Lemma reach_new_node w : reach C (img y) w ->
  (exists2 z, z \in created & reach K y z /\ w = iota z) \/
  (exists z, [/\ z \in nodes K, reach K y z, lab K z = None & reach (tg G) (phi z) w]).
Proof.
have [_ _ noa] := redex_nrm_arg un lf.
apply: (reach_closed (Q := fun w => (exists2 z, z \in created & reach K y z /\ w = iota z) \/
  (exists z, [/\ z \in nodes K, reach K y z, lab K z = None & reach (tg G) (phi z) w]))).
  move=> x x' [[z1 z1L [yz1 ex]] | [z1 [z1n yz1 lz1 gx]]] e.
    subst x; rewrite succsE ?mem_C ?iota_mem_fresh ?orbT // attC_new // -map_comp in e.
    case/mapP: e => z' z'a -> /=; have [-> hz] := img_att z1L z'a.
    have [/sub_nodesP [z'n _] z1z' _ _] := created_att z1L z'a.
    have yz' := reach_trans yz1 z1z'.
    case: hz => [[e' _ [-> z'L]] | [lz' [-> _]]]; first by left; exists z'.
    by right; exists z'; split => //; exact: reach_refl.
  have z1l := reach_arg_sub_l yz1 z1n.
  have [uz1 _] := hom_reach wfr hphi ul (reach_trans uy yz1).
  have pz1 : phi z1 \in nodes (tg G) by case: (hphi z1l).
  have xG := reach_nodes succG pz1 gx.
  rewrite succsE ?mem_C ?xG // attC_old // in e; case/mapP: e => x'' x''a ->.
  have gx'' : reach (tg G) (phi z1) x'' by apply: reach_trans gx _; exact: reach_att.
  by rewrite /redirect (negPf (noa _ (reach_trans uz1 gx''))); right; exists z1.
rewrite /img; case e: (lab K y) => [g|].
  by left; exists y; [rewrite mem_filter e yr | split => //; exact: reach_refl].
by right; exists y; split => //; [by case/sub_nodesP: yr | exact: reach_refl | exact: reach_refl].
Qed.

Lemma created_arg_constructor w c :
  reach Res (img y) w -> lab Res w = Some c -> isC c.
Proof.
have [[crG _] _ _] := redex_nrm_arg un lf.
move=> /reach_of_sub vw lw.
case: (reach_new_node vw) => [[z1 z1L [yz1 ew]] | [z1 [z1n yz1 lz1 gw]]].
  subst w; rewrite /= -/(labB (iota z1)) in lw.
  have := labC_new z1L; rewrite /= => e; rewrite e in lw.
  have [/sub_nodesP [z1n _] _] := createdP z1L.
  exact: (reach_arg_l_constructor wfr cr (nrm_att un) z1n (reach_trans uy yz1) lw).
have pz1 : phi z1 \in nodes (tg G) by case: (hphi (reach_arg_sub_l yz1 z1n)).
have [uz1 _] := hom_reach wfr hphi ul (reach_trans uy yz1).
have wG := reach_nodes succG pz1 gw.
by apply: (crG _ _ wG (reach_trans uz1 gw)); rewrite -(labC_old wG); exact: lw.
Qed.

Lemma created_arg_gsize : gsize (sub Res (img y)) <= size created + nrm_bound f.
Proof.
have [[_ szG] _ _] := redex_nrm_arg un lf.
have hsub : {subset nodes (tg (sub Res (img y))) <=
    map iota [seq z <- created | reachb K y z] ++
    [seq w <- nodes (tg G) | reachb (tg G) (phi u) w]}.
  move=> w /sub_sub_nodes [_ vw _]; rewrite mem_cat.
  case: (reach_new_node vw) => [[z1 z1L [yz1 ->]] | [z1 [z1n yz1 lz1 gw]]].
    by rewrite map_f // mem_filter z1L andbT; apply/reachbP.
  have pz1 : phi z1 \in nodes (tg G) by case: (hphi (reach_arg_sub_l yz1 z1n)).
  have [uz1 _] := hom_reach wfr hphi ul (reach_trans uy yz1).
  apply/orP; right; rewrite mem_filter; apply/andP; split.
    by apply/reachbP; exact: reach_trans uz1 gw.
  exact: reach_nodes succG pz1 gw.
apply: leq_trans (uniq_leq_size (filter_uniq _ result_uniq) hsub) _.
by rewrite size_cat size_map leq_add // size_filter count_size.
Qed.

(* A closed argument contains no variable, so nothing below it is an old node. *)
Lemma created_arg_gsize_closed : gclosed (sub K u) ->
  max_shared (cap_nrm sep (sub K l)) -> gsize (sub Res (img y)) <= nrm_bound f.
Proof.
move=> uclo ms; have [[_ szG] _ _] := redex_nrm_arg un lf.
have hsub : {subset nodes (tg (sub Res (img y))) <= map iota [seq z <- created | reachb K u z]}.
  move=> w /sub_sub_nodes [_ vw _].
  case: (reach_new_node vw) => [[z1 z1L [yz1 ->]] | [z1 [z1n yz1 lz1 _]]].
    by apply: map_f; rewrite mem_filter z1L andbT; apply/reachbP; exact: reach_trans uy yz1.
  have : z1 \in nodes (tg (sub K u)) by apply/sub_nodesP; split => //; exact: reach_trans uy yz1.
  by move/uclo; rewrite lz1.
apply: leq_trans (uniq_leq_size (filter_uniq _ result_uniq) hsub) _.
rewrite size_map; apply: leq_trans (leq_trans _ (gsize_arg_le_image wfr cr hphi un uclo ms)) szG.
apply: uniq_leq_size; first by rewrite filter_uniq // created_uniq.
move=> z1; rewrite mem_filter => /andP [uz1 /createdP [/sub_nodesP [z1n _] _]].
by rewrite mem_sub_nodes z1n.
Qed.

Lemma created_arg_gsize_var : lab K u = None -> gsize (sub Res (img y)) <= nrm_bound f.
Proof.
move=> eu; have [[_ szG] pun _] := redex_nrm_arg un lf.
have leaf z : reach K u z -> z = u.
  by apply: reach_leaf; apply: (K_unlabeled_leaf wfr _ eu); case/sub_nodesP: ul.
have hsub : {subset nodes (tg (sub Res (img y))) <=
    [seq w <- nodes (tg G) | reachb (tg G) (phi u) w]}.
  move=> w /sub_sub_nodes [_ vw _].
  case: (reach_new_node vw) => [[z1 z1L [yz1 _]] | [z1 [z1n yz1 lz1 gw]]].
    by have [_] := createdP z1L; rewrite (leaf _ (reach_trans uy yz1)) eu.
  rewrite (leaf _ (reach_trans uy yz1)) in gw.
  by rewrite mem_filter (reach_nodes succG pun gw) andbT; apply/reachbP.
exact: leq_trans (uniq_leq_size (filter_uniq _ result_uniq) hsub) szG.
Qed.

Lemma created_arg_gsize_bound : gsize (sub Res (img y)) <= d + nrm_bound f.
Proof.
case: (classic (in_G_inf GRS ru)) => hi; last first.
  apply: leq_trans created_arg_gsize _; rewrite leq_add2r.
  exact: leq_trans size_created (hfin gru hi).
have [ms clo _ _] := hinf gru hi.
apply: leq_trans (leq_addl d _).
case eu: (lab K u) => [gu|]; last exact: created_arg_gsize_var.
by apply: created_arg_gsize_closed ms; apply: clo un _; rewrite eu.
Qed.

End CreatedArg.

(* Precedence termination sends the normal arguments of a created node below
   those of the redex, and lowers the rank, which pays for the growth by d. *)
Lemma result_nrm_new z g y : z \in created -> lab K z = Some g -> y \in nrm sep K z ->
  bounded_arg Res g (img y).
Proof.
move=> zL lzK yn; have [zs _] := createdP zL; have [zn rz] := sub_nodesP _ _ _ zs.
have [u un uy] := pt_nrm_below wfr cr hsep hprec ptr zn rz yn.
have [yr _ _ _] := created_att zL (nrm_att yn).
have [f' lf pgf] := pt_lab_below ptr zs lzK.
split => [w c _|]; first exact: (@created_arg_constructor _ u y lf un uy yr w c).
apply: leq_trans (created_arg_gsize_bound lf un uy yr) _.
by rewrite addnC; exact: nrm_bound_rank (rank_lt pgf).
Qed.

Lemma result_nrm_args_bounded : nrm_args_bounded Res.
Proof.
move=> x g v /sub_nodesP [xC _] lx; rewrite mem_C in xC.
case/orP: xC => [xG | /mapP [z zL exz]]; last subst x.
  have lxG : lab (tg G) x = Some g by rewrite -labC_old.
  have -> : nrm sep Res x = map redirect (nrm sep (tg G) x).
    by apply: nrm_map; [exact: labC_old | exact: attC_old].
  by case/mapP => v' v'n ->; have [-> ] := result_nrm_old xG lxG v'n.
have lzK : lab K z = Some g by rewrite -labC_new.
have -> : nrm sep Res (iota z) = map (fun y => redirect (img y)) (nrm sep K z).
  by apply: nrm_map; [exact: labC_new | rewrite attC_new // -map_comp].
case/mapP => y yn ->; have [-> _] := img_att zL (nrm_att yn).
exact: (result_nrm_new zL lzK yn).
Qed.

Lemma size_created_lt : size created < step_bound.
Proof.
apply: leq_ltn_trans size_created _.
case: (classic (in_G_inf GRS ru)) => hi; last exact: leq_ltn_trans (hfin gru hi) step_bound_gt_d.
have [ms clo small rhs] := hinf gru hi.
have [f lf _] := l_defined cr.
have himage u : u \in nrm sep K l -> lab K u <> None -> gsize (sub (tg G) (phi u)) <= arg_bound.
  by move=> un _; have [[_ sz] _ _] := redex_nrm_arg un lf; exact: leq_trans sz (nrm_bound_le f).
apply: leq_ltn_trans (gsize_rhs_inf wfr cr hphi hard himage ms clo small rhs hsep hprec ptr) _.
by rewrite /step_bound.
Qed.

(* Every created label is below the root label f, so it weighs at most
   step_bound ^ (rank f).-1, and fewer than step_bound nodes are created. *)
Lemma created_weight_lt f : lab K l = Some f ->
  \sum_(z <- created) weight (lab K z) < step_bound ^ rank f.
Proof.
move=> lf.
have hw z : z \in created -> weight (lab K z) <= step_bound ^ (rank f).-1 /\ 0 < rank f.
  move=> zL; have [zs lz] := createdP zL.
  case e: (lab K z) => [g|]; last by [].
  have [f' lf' pgf] := pt_lab_below ptr zs e.
  rewrite lf in lf'; case: lf' => ef; subst f'.
  have rgf := rank_lt pgf; split; last exact: leq_ltn_trans rgf.
  rewrite /weight; case: (isC g) => //; apply: leq_pexp2l; first exact: step_bound_gt0.
  by rewrite -ltnS (ltn_predK rgf).
case eL: created => [|z0 s]; first by rewrite big_nil expn_gt0 step_bound_gt0.
have z0L : z0 \in created by rewrite eL inE eqxx.
have [_ rf] := hw z0 z0L.
rewrite -eL; apply: leq_ltn_trans (sum_le_size (c := step_bound ^ (rank f).-1) _) _.
  by move=> z zL; case: (hw z zL).
by rewrite -{2}(prednK rf) expnS ltn_mul2r size_created_lt andbT expn_gt0 step_bound_gt0.
Qed.

Lemma potential_step : potential (rewrite_result G ru phi iota) < potential G.
Proof.
rewrite rewrite_resultE /potential /= big_filter.
have [f lf nC] := l_defined cr; have [la _] := redex_lab_att lf.
apply: (@leq_ltn_trans (\sum_(x <- nodes C | x != a) weight (labB x))).
  apply: leq_sum_subpred => x xC rx; apply/eqP => e.
  by move: a_garbage; rewrite mem_sub_nodes -e xC rx.
rewrite big_cat /= (bigD1_seq a a_nodes uniqG) /= la /weight (negPf nC) -/weight.
have old : \sum_(i <- nodes (tg G) | i != a) weight (labB i) =
           \sum_(i <- nodes (tg G) | i != a) weight (lab (tg G) i).
  rewrite big_seq_cond [RHS]big_seq_cond; apply: eq_bigr => i /andP [iG _].
  by have := labC_old iG => /= ->.
have new : \sum_(i <- fresh | i != a) weight (labB i) <= \sum_(z <- created) weight (lab K z).
  apply: leq_trans (_ : \sum_(i <- fresh) weight (labB i) <= _).
    by rewrite big_mkcond /=; apply: leq_sum => i _; case: ifP.
  rewrite big_map big_seq [X in _ <= X]big_seq; apply: eq_leq; apply: eq_bigr => z zL.
  by have := labC_new zL => /= ->.
rewrite old [X in X < _]addnC ltn_add2r; exact: leq_ltn_trans new (created_weight_lt lf).
Qed.

Lemma gsize_step : gsize (rewrite_result G ru phi iota) <= gsize G + step_bound.
Proof.
rewrite rewrite_resultE /gsize /= size_filter; apply: leq_trans (count_size _ _) _.
by rewrite size_cat size_map leq_add2l ltnW // size_created_lt.
Qed.

Lemma invariant_result : invariant (rewrite_result G ru phi iota).
Proof.
rewrite rewrite_resultE; split;
  [exact: result_uniq | exact: result_succ_closed | exact: result_height |
   exact: result_nrm_args_bounded].
Qed.

End OneStep.

Lemma tg_eq_invariant (H H' : tgraph F) : tg_eq H H' -> invariant H' -> invariant H.
Proof.
move=> teq [u2 i2 [ht hht] i4]; have [_ pm hl] := teq.
have mem x : (x \in nodes (tg H)) = (x \in nodes (tg H')) by apply: perm_mem.
split; first by rewrite (perm_uniq pm).
- move=> x xn y yx; have [_ ea] := hl x xn; rewrite mem.
  by apply: (i2 x); [rewrite -mem | rewrite -ea].
- by exists ht => x y xn yx; have [_ ea] := hl x xn; apply: hht; [rewrite -mem | rewrite -ea].
move=> x g v xn lx vx; have [la ea] := hl x xn.
have [crH sz] : bounded_arg (tg H') g v.
  by apply: (i4 x); [rewrite -mem | rewrite -la | move: vx; rewrite /nrm la ea].
split; last by rewrite (tg_eq_gsize _ teq).
move=> w c wn /reachbP vw lw; have [lw' _] := hl w wn.
by apply: (crH w c); [rewrite -mem | apply/reachbP; rewrite -(tg_eq_reachb _ _ teq) | rewrite -lw'].
Qed.

Lemma tg_eq_potential (H H' : tgraph F) : tg_eq H H' -> potential H = potential H'.
Proof.
case=> _ pm hl; rewrite /potential -(perm_big _ pm) /= big_seq [RHS]big_seq.
by apply: eq_bigr => x xn; have [-> _] := hl x xn.
Qed.

Lemma step_invariant (G H : tgraph F) : invariant G -> step GRS G H ->
  [/\ invariant H, potential H < potential G & gsize H <= gsize G + step_bound].
Proof.
case=> uG i2 [ht hht] i4 [ru [phi [iota [gr hphi iinj ifresh teq]]]].
split; first exact: (tg_eq_invariant teq (invariant_result uG i2 hht i4 gr hphi iinj ifresh)).
  by rewrite (tg_eq_potential teq); exact: (potential_step uG i2 hht i4 gr hphi iinj ifresh).
by have [_ pm _] := teq; rewrite /gsize (perm_size pm); exact: (gsize_step i4 iota gr hphi).
Qed.

Lemma nsteps_invariant m (G H : tgraph F) : nsteps GRS m G H -> invariant G ->
  [/\ invariant H, m + potential H <= potential G & gsize H <= gsize G + m * step_bound].
Proof.
elim=> {m G H} [G | m G G' H st _ IH] iG; first by split; rewrite ?mul0n ?addn0.
have [iG' lt sz] := step_invariant iG st.
have [iH le sz'] := IH iG'.
split => //; first by rewrite addSn; apply: leq_ltn_trans le lt.
by move: sz sz'; rewrite mulSn; lia.
Qed.

Section Initial.
Variable G0 : tgraph F.
Hypothesis wf0 : wf_tgraph ar G0.
Hypothesis basic0 : basic isC G0.
Hypothesis hN : size (nodes_below (tg G0) (nrm sep (tg G0) (troot G0))) <= n.

Lemma init_constructor x c :
  x \in nodes (tg G0) -> x != troot G0 -> lab (tg G0) x = Some c -> isC c.
Proof.
case: wf0 => _ rn rr; case: basic0 => _ bas xn xr lx.
have /reachbP := rr x xn; case/reach_first => [e | [c0 cs cx]]; first by rewrite e eqxx in xr.
rewrite succsE // in cs; apply: (bas c0 cs x c) => //; exact/sub_nodesP.
Qed.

Exercise description:
Please transcribe the material line by line, exactly, from its opening line through the line that contains "have [_ _ noa] := redex_nrm_arg un lf.".

Result for this exercise:
Lemma reach_new_node w : reach C (img y) w ->
  (exists2 z, z \in created & reach K y z /\ w = iota z) \/
  (exists z, [/\ z \in nodes K, reach K y z, lab K z = None & reach (tg G) (phi z) w]).
Proof.
have [_ _ noa] := redex_nrm_arg un lf.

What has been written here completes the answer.